Action item —
For the entries below, print exactly the lines between the line holding "mul a w = mu *: w." and the line holding "mul_linear : forall", inclusive, and nothing else.

Supplied data —
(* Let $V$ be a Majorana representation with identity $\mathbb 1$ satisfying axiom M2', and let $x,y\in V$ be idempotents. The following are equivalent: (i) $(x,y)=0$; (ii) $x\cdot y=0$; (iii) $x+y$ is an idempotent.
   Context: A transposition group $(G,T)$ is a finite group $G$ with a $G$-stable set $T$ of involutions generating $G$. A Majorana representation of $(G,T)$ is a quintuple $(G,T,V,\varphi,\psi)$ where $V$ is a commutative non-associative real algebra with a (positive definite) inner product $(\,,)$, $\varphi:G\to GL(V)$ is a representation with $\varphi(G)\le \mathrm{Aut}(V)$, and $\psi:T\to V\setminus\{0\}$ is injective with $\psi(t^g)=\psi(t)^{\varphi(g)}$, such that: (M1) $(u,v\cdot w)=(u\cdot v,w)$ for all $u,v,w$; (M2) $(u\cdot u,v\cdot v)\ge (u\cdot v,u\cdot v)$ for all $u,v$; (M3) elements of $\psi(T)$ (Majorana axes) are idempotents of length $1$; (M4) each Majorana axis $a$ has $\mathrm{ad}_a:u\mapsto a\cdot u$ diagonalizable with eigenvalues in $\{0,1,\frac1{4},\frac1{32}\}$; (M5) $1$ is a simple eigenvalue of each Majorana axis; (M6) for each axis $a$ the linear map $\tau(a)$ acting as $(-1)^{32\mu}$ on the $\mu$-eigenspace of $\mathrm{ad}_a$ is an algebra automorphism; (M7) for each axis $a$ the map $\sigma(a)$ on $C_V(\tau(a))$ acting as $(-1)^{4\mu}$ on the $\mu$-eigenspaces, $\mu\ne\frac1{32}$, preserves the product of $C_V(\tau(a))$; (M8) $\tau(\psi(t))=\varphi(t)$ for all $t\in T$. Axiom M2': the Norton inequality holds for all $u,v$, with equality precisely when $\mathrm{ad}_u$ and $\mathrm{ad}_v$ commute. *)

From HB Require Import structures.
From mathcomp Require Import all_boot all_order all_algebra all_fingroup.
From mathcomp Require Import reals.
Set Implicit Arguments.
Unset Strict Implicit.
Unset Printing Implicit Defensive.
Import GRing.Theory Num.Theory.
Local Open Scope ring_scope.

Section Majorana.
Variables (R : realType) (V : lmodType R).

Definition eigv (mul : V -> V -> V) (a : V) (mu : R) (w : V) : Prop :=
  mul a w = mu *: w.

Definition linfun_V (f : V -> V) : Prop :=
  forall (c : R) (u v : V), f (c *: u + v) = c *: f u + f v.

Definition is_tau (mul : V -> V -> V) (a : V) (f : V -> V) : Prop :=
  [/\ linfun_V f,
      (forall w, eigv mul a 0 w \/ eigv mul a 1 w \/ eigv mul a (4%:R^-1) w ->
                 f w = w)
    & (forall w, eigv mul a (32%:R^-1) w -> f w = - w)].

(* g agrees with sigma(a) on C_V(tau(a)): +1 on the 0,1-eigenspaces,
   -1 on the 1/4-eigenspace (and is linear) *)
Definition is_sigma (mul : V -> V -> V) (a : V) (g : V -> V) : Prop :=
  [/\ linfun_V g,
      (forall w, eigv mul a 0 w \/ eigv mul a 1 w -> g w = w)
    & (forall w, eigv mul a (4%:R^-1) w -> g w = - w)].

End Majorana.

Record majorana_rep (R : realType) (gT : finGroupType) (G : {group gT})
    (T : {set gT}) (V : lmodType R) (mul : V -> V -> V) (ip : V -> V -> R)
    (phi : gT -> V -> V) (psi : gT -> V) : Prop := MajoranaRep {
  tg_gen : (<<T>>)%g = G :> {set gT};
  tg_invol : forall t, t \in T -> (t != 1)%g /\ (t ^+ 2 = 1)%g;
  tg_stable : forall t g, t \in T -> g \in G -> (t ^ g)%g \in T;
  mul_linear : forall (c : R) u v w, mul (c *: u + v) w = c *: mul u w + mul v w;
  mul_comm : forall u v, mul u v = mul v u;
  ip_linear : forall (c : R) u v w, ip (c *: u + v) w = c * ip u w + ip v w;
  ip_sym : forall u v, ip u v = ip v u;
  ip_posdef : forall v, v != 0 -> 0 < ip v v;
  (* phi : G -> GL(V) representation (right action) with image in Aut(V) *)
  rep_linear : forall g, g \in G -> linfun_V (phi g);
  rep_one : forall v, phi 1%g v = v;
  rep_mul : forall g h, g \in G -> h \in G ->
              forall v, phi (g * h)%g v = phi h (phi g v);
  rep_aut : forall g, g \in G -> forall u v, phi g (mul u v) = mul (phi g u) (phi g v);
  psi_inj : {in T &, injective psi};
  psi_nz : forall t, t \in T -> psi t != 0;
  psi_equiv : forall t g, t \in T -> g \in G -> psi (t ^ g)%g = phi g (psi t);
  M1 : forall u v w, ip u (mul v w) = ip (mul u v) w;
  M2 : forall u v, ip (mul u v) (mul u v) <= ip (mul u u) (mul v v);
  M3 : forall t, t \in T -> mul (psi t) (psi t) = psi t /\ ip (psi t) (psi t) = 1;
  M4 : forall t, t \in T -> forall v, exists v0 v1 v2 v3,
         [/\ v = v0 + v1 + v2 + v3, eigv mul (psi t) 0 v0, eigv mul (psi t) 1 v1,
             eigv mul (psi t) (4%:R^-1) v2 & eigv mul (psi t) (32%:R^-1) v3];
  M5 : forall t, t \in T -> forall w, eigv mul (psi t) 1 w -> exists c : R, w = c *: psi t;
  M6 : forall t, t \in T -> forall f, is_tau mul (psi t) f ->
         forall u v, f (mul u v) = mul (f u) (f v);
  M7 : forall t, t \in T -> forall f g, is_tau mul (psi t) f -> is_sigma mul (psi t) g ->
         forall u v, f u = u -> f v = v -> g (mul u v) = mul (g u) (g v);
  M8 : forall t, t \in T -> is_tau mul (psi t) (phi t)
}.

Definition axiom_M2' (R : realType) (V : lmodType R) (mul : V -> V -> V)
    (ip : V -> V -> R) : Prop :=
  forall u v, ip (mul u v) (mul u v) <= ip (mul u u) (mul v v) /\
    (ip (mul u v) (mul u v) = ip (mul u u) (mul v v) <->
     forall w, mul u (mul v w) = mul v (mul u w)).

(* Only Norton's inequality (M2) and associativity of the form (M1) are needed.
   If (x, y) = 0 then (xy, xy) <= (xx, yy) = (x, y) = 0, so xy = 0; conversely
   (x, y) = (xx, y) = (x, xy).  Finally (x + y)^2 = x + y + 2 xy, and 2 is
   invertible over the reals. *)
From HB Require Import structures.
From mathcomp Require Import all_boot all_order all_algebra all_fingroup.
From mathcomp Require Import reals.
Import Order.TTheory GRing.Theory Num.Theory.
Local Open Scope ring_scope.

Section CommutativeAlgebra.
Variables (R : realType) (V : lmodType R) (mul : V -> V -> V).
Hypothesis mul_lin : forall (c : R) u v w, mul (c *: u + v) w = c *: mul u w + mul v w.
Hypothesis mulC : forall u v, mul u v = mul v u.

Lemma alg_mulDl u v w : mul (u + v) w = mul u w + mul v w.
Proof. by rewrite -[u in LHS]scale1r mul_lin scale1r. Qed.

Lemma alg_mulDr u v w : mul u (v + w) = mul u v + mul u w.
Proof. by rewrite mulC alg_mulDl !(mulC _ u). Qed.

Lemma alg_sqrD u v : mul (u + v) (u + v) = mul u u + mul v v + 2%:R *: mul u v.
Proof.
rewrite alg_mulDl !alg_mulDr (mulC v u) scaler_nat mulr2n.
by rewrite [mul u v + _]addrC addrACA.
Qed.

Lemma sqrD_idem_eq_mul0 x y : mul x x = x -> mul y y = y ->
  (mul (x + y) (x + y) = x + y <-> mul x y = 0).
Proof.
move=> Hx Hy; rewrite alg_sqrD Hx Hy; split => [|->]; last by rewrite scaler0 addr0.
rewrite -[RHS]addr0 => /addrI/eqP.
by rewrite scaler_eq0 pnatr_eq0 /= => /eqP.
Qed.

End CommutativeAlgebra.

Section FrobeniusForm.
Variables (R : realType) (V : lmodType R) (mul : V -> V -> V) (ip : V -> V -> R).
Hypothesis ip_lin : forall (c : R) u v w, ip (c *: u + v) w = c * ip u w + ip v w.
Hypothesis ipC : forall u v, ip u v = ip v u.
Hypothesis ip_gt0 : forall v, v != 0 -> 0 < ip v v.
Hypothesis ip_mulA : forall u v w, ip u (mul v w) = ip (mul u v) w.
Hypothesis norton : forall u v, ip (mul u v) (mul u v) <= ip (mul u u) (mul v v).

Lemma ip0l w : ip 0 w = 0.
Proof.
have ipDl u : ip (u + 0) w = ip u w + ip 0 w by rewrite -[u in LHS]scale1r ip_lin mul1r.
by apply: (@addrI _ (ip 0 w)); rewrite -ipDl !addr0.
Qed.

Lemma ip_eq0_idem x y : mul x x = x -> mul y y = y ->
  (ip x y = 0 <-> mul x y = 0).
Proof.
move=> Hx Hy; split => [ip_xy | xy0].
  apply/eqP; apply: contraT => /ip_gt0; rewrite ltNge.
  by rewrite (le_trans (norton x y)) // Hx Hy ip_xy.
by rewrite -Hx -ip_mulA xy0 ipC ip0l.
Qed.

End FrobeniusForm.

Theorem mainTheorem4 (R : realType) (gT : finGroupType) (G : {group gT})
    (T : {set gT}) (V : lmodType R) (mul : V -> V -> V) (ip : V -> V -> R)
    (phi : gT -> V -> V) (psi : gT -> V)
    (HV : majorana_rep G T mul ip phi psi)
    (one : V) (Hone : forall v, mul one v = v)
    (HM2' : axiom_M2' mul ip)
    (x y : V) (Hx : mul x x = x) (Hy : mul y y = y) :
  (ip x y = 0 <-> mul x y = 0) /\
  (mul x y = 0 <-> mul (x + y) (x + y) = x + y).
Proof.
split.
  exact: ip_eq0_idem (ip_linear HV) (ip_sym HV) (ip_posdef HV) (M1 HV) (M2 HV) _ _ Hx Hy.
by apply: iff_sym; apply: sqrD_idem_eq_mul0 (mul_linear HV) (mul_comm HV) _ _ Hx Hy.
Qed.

Task result —
  mul a w = mu *: w.

Definition linfun_V (f : V -> V) : Prop :=
  forall (c : R) (u v : V), f (c *: u + v) = c *: f u + f v.

Definition is_tau (mul : V -> V -> V) (a : V) (f : V -> V) : Prop :=
  [/\ linfun_V f,
      (forall w, eigv mul a 0 w \/ eigv mul a 1 w \/ eigv mul a (4%:R^-1) w ->
                 f w = w)
    & (forall w, eigv mul a (32%:R^-1) w -> f w = - w)].

(* g agrees with sigma(a) on C_V(tau(a)): +1 on the 0,1-eigenspaces,
   -1 on the 1/4-eigenspace (and is linear) *)
Definition is_sigma (mul : V -> V -> V) (a : V) (g : V -> V) : Prop :=
  [/\ linfun_V g,
      (forall w, eigv mul a 0 w \/ eigv mul a 1 w -> g w = w)
    & (forall w, eigv mul a (4%:R^-1) w -> g w = - w)].

End Majorana.

Record majorana_rep (R : realType) (gT : finGroupType) (G : {group gT})
    (T : {set gT}) (V : lmodType R) (mul : V -> V -> V) (ip : V -> V -> R)
    (phi : gT -> V -> V) (psi : gT -> V) : Prop := MajoranaRep {
  tg_gen : (<<T>>)%g = G :> {set gT};
  tg_invol : forall t, t \in T -> (t != 1)%g /\ (t ^+ 2 = 1)%g;
  tg_stable : forall t g, t \in T -> g \in G -> (t ^ g)%g \in T;
  mul_linear : forall (c : R) u v w, mul (c *: u + v) w = c *: mul u w + mul v w;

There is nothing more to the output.